Looking through the data below, work out how many lines have the word "Definition". Reply with that number only.
---- Listed records
(* phi_l maps a coding of the exchange with parameters P to a coding of the
   exchange with parameters act l P. *)
Definition act (l : mletter) P :=
  let: Iet a b r := P in
  match l with
  | La => Iet (a + b) b (r + b)
  | Lb => Iet (a + b) b r
  | Lalpha => Iet a (a + b) r
  | Lbeta => Iet a (a + b) (r + a)
  end.

Definition actw w P := foldr act P w.

Lemma residual_mapw l P s :
  residual (act l P) (size (mapw (phil l) s)) (count id (mapw (phil l) s)) =
  residual P (size s) (count id s) + (start (act l P) - start P).
Proof.
rewrite size_mapw count_mapw [size s]size_count_negb.
by case: P => a b r; case: l; rewrite /residual /total /= ?natrD ?natrM; ring.
Qed.

Lemma nonneg_act l P : nonneg P -> nonneg (act l P).
Proof.
by case: P => a b r /andP[/= a0 b0]; case: l; apply/andP; split => /=; lra.
Qed.

Lemma mech_word_mapw upper l P s : nonneg P ->
  mech_word upper P s -> mech_word upper (act l P) (mapw (phil l) s).
Proof.
rewrite /mech_word residual_mapw.
case: P => a b r /andP[/= a0 b0]; move: (residual _ _ _) => x.
by case: l; case: upper; rewrite /in_domain /total /= => /andP[x0 x1];
  apply/andP; split; lra.
Qed.

Lemma mech_word_mapw_head upper l P s c : nonneg P -> size (phil l c) = 2%N ->
  mech_word upper P s -> mech_word upper P (rcons s c) ->
  mech_word upper (act l P) (mapw (phil l) s ++ take 1 (phil l c)).
Proof.
rewrite /mech_word -cats1 !size_cat !count_cat !residual_add residual_mapw.
case: P => a b r /andP[/= a0 b0]; move: (residual _ _ _) => x.
by case: l; case: c => //= _; case: upper;
  rewrite /in_domain /total /= => /andP[x0 x1] /andP[y0 y1];
  apply/andP; split; lra.
Qed.

Lemma mech_prefixes_mapw upper l P p : nonneg P ->
  mech_prefixes upper P p -> mech_prefixes upper (act l P) (mapw (phil l) p).
Proof.
move=> P0; elim/last_ind: p => [|q c IH] Hp k.
  by rewrite leqn0 => /eqP ->; exact: (mech_word_mapw l P0 (Hp 0%N isT)).
have {IH} IH : mech_prefixes upper (act l P) (mapw (phil l) q).
  apply: IH => j jq; have := Hp j; rewrite size_rcons -cats1 takel_cat //.
  by apply; apply: leqW.
(* A prefix of phi_l (q c) is either a prefix of phi_l q, or all of it, or
   phi_l q followed by the first letter of a two-letter image of c. *)
rewrite mapw_rcons size_cat take_cat => kle.
case: ltnP => [kq|qk]; first exact/IH/ltnW.
set i := (k - _)%N; have [->|i0] := posnP i.
  by rewrite take0 cats0 -[X in mech_word _ _ X]take_size; apply: IH.
have [fi|ifc] := leqP (size (phil l c)) i.
  rewrite take_oversize // -mapw_rcons.
  by have := Hp _ (leqnn _); rewrite take_size; apply: mech_word_mapw.
have f_le2 : (size (phil l c) <= 2)%N by case: (l); case: (c).
have [-> f2] : i = 1%N /\ size (phil l c) = 2%N by lia.
apply: mech_word_mapw_head => //.
  have := Hp (size q); rewrite size_rcons -cats1 takel_cat // take_size.
  by apply.
by have := Hp _ (leqnn _); rewrite take_size.
Qed.

Lemma nonneg_actw w P : nonneg P -> nonneg (actw w P).
Proof. by move=> P0; elim: w => //= l w; apply: nonneg_act. Qed.

Lemma mech_prefixes_phiw upper w P p : nonneg P ->
  mech_prefixes upper P p -> mech_prefixes upper (actw w P) (mapw (phiw w) p).
Proof.
move=> P0 Hp; elim: w => [|l w IH] /=; first by rewrite mapw_phiw_nil.
by rewrite mapw_phiw_cons; apply: mech_prefixes_mapw IH; apply: nonneg_actw.
Qed.

Lemma mechanical_prefixes upper P u n :
  mechanical upper P u -> mech_prefixes upper P (mkseq u n).
Proof. by move=> Hu k; rewrite size_mkseq => kn; rewrite take_mkseq. Qed.

Lemma size_mapw_phiw w s : (size s <= size (mapw (phiw w) s))%N.
Proof.
rewrite size_mapw [X in (X <= _)%N]size_count_negb.
by apply: leq_add; apply: leq_pmulr; apply: size_phiw_gt0.
Qed.

Lemma fixed_by_take w u n :
  fixed_by (phiw w) u -> take n (mapw (phiw w) (mkseq u n)) = mkseq u n.
Proof.
move=> fix_u; set s := mapw _ _.
have ns : (n <= size s)%N.
  by rewrite -[X in (X <= _)%N](size_mkseq u) size_mapw_phiw.
apply: (@eq_from_nth _ false); first by rewrite size_takel ?size_mkseq.
move=> i; rewrite size_takel // => i_n.
by rewrite nth_take // nth_mkseq // fix_u //; apply: leq_trans ns.
Qed.

Lemma mechanical_fixed upper w P u : nonneg P -> fixed_by (phiw w) u ->
  mechanical upper P u -> mechanical upper (actw w P) u.
Proof.
move=> P0 fix_u Hu n; rewrite -(fixed_by_take n fix_u).
apply: (mech_prefixes_phiw (w := w) P0 (mechanical_prefixes (n := n) Hu)).
by rewrite -[X in (X <= _)%N](size_mkseq u) size_mapw_phiw.
Qed.

Lemma mechanical_near_line upper P u : 0 < total P -> mechanical upper P u ->
  near_line (slope P) (intercept P) (fun n => count id (mkseq u n)).
Proof.
move=> L_gt0 Hu n; move: {Hu}(Hu n); rewrite /mech_word /in_domain size_mkseq.
move: (count id _) => k; rewrite /slope /intercept mulrA -mulrDl.
rewrite ler_pdivlMr // ler_pdivrMr // /residual.
by case: upper => /andP[r0 r1]; apply/andP; split; lra.
Qed.

Lemma mechanical_proportional upper upper' P Q u :
  Defs.irrational (slope P) -> 0 < total P -> 0 < total Q ->
  mechanical upper P u -> mechanical upper' Q u ->
  scale (total P) Q = scale (total Q) P.
Proof.
move=> P_irr LP LQ HP HQ.
have nP := mechanical_near_line LP HP; have nQ := mechanical_near_line LQ HQ.
have e_slope := near_line_slope_unique nP nQ; rewrite -e_slope in nQ.
have e_icpt := near_line_intercept_unique P_irr nP nQ.
move: e_slope e_icpt; rewrite /slope /intercept.
move=> /eqP; rewrite eqr_div ?lt0r_neq0 // => /eqP e1.
move=> /eqP; rewrite eqr_div ?lt0r_neq0 // => /eqP e2.
by move: e1 e2; case: P Q {P_irr LP LQ HP HQ nP nQ} => a b r [a' b' r'];
  rewrite /scale /total /= => e1 e2; congr Iet; lra.
Qed.

Definition offset (c0 c1 : bool) P := start P - c0%:R * len0 P - c1%:R * len1 P.

(* The classes {b, beta}, {b, alpha}, {a, beta}, {a, alpha} of the theorem are
   keeps_offset c0 c1 for (c0, c1) = (0, 1), (0, 0), (1, 1), (1, 0). *)
Definition keeps_offset (c0 c1 : bool) (l : mletter) :=
  match l with La => c0 | Lb => ~~ c0 | Lalpha => ~~ c1 | Lbeta => c1 end.

Lemma offset_scale c0 c1 k P : offset c0 c1 (scale k P) = k * offset c0 c1 P.
Proof. by rewrite /offset /=; ring. Qed.

Lemma offset_act c0 c1 l P :
  keeps_offset c0 c1 l -> offset c0 c1 (act l P) = offset c0 c1 P.
Proof.
case: P => a b r; case: l; case: c0; case: c1; rewrite /offset /= => // _.
all: ring.
Qed.

Lemma offset_actw c0 c1 w P :
  all (keeps_offset c0 c1) w -> offset c0 c1 (actw w P) = offset c0 c1 P.
Proof. by elim: w => //= l w IH /andP[keep /IH <-]; apply: offset_act. Qed.

Lemma positive_act l P : positive P -> positive (act l P).
Proof.
by case: P => a b r /andP[/= a0 b0]; case: l; apply/andP; split => /=; lra.
Qed.

Lemma positive_actw w P : positive P -> positive (actw w P).
Proof. by move=> P_pos; elim: w => //= l w; apply: positive_act. Qed.

Lemma total_act_gt l P : positive P -> total P < total (act l P).
Proof.
by case: P => a b r /andP[/= a0 b0]; case: l; rewrite /total /=; lra.
Qed.

Lemma total_actw_ge w P : positive P -> total P <= total (actw w P).
Proof.
move=> P_pos; elim: w => //= l w IH.
exact/(le_trans IH)/ltW/total_act_gt/positive_actw.
Qed.

Lemma total_actw_gt (w : seq mletter) P :
  positive P -> (0 < size w)%N -> total P < total (actw w P).
Proof.
move=> P_pos; case: w => // l w _.
apply: le_lt_trans (total_actw_ge w P_pos) _.
exact/total_act_gt/positive_actw.
Qed.

Lemma sturmian_fixed_start c0 c1 (l0 l1 rho : R) u w :
  sturmian l0 l1 rho u -> primitive (phiw w) -> fixed_by (phiw w) u ->
  all (keeps_offset c0 c1) w -> rho = c0%:R * l0 + c1%:R * l1.
Proof.
move=> stu prim fix_u keep; set P := Iet l0 l1 rho.
have [l0_gt0 [l1_gt0 [irr _]]] := stu.
have P_irr : Defs.irrational (slope P) := irr.
have P_pos : positive P by apply/andP.
have P_nonneg : nonneg P by apply/andP; split; apply: ltW.
have [upper Hu] := sturmian_mechanical stu.
have HQ := mechanical_fixed P_nonneg fix_u Hu.
have LP : 0 < total P by rewrite /total /=; lra.
have LPQ := total_actw_gt P_pos (primitive_phiw_size_gt0 prim).
have := mechanical_proportional P_irr LP (lt_trans LP LPQ) Hu HQ.
move=> /(congr1 (offset c0 c1)).
rewrite !offset_scale offset_actw // => e.
have : (total (actw w P) - total P) * offset c0 c1 P = 0.
  by rewrite mulrBl e subrr.
by move/eqP; rewrite mulf_eq0 subr_eq0 gt_eqF //= /offset /= => /eqP; lra.
Qed.

End IntervalExchange.

Theorem lemma21 (R : realType) (l0 l1 rho : R) (u : nat -> bool)
    (w : seq mletter) :
  sturmian l0 l1 rho u -> primitive (phiw w) -> fixed_by (phiw w) u ->
  [/\ (all in_b_beta w -> rho = l1),
      (all in_b_alpha w -> rho = 0),
      (all in_a_beta w -> rho = l0 + l1)
    & (all in_a_alpha w -> rho = l0)].
Proof.
move=> stu prim fix_u.
have start_eq c0 c1 (C : pred mletter) : C =1 keeps_offset c0 c1 -> all C w ->
    rho = c0%:R * l0 + c1%:R * l1.
  by move=> eC; rewrite (eq_all eC); exact: sturmian_fixed_start stu prim fix_u.
split=> hw.
- by rewrite (start_eq false true in_b_beta) //= ?mul0r ?add0r ?mul1r //; case.
- by rewrite (start_eq false false in_b_alpha) //= ?mul0r ?add0r //; case.
- by rewrite (start_eq true true in_a_beta) //= ?mul1r //; case.
- by rewrite (start_eq true false in_a_alpha) //= ?mul0r ?mul1r ?addr0 //; case.
Qed.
--------
Written reply
4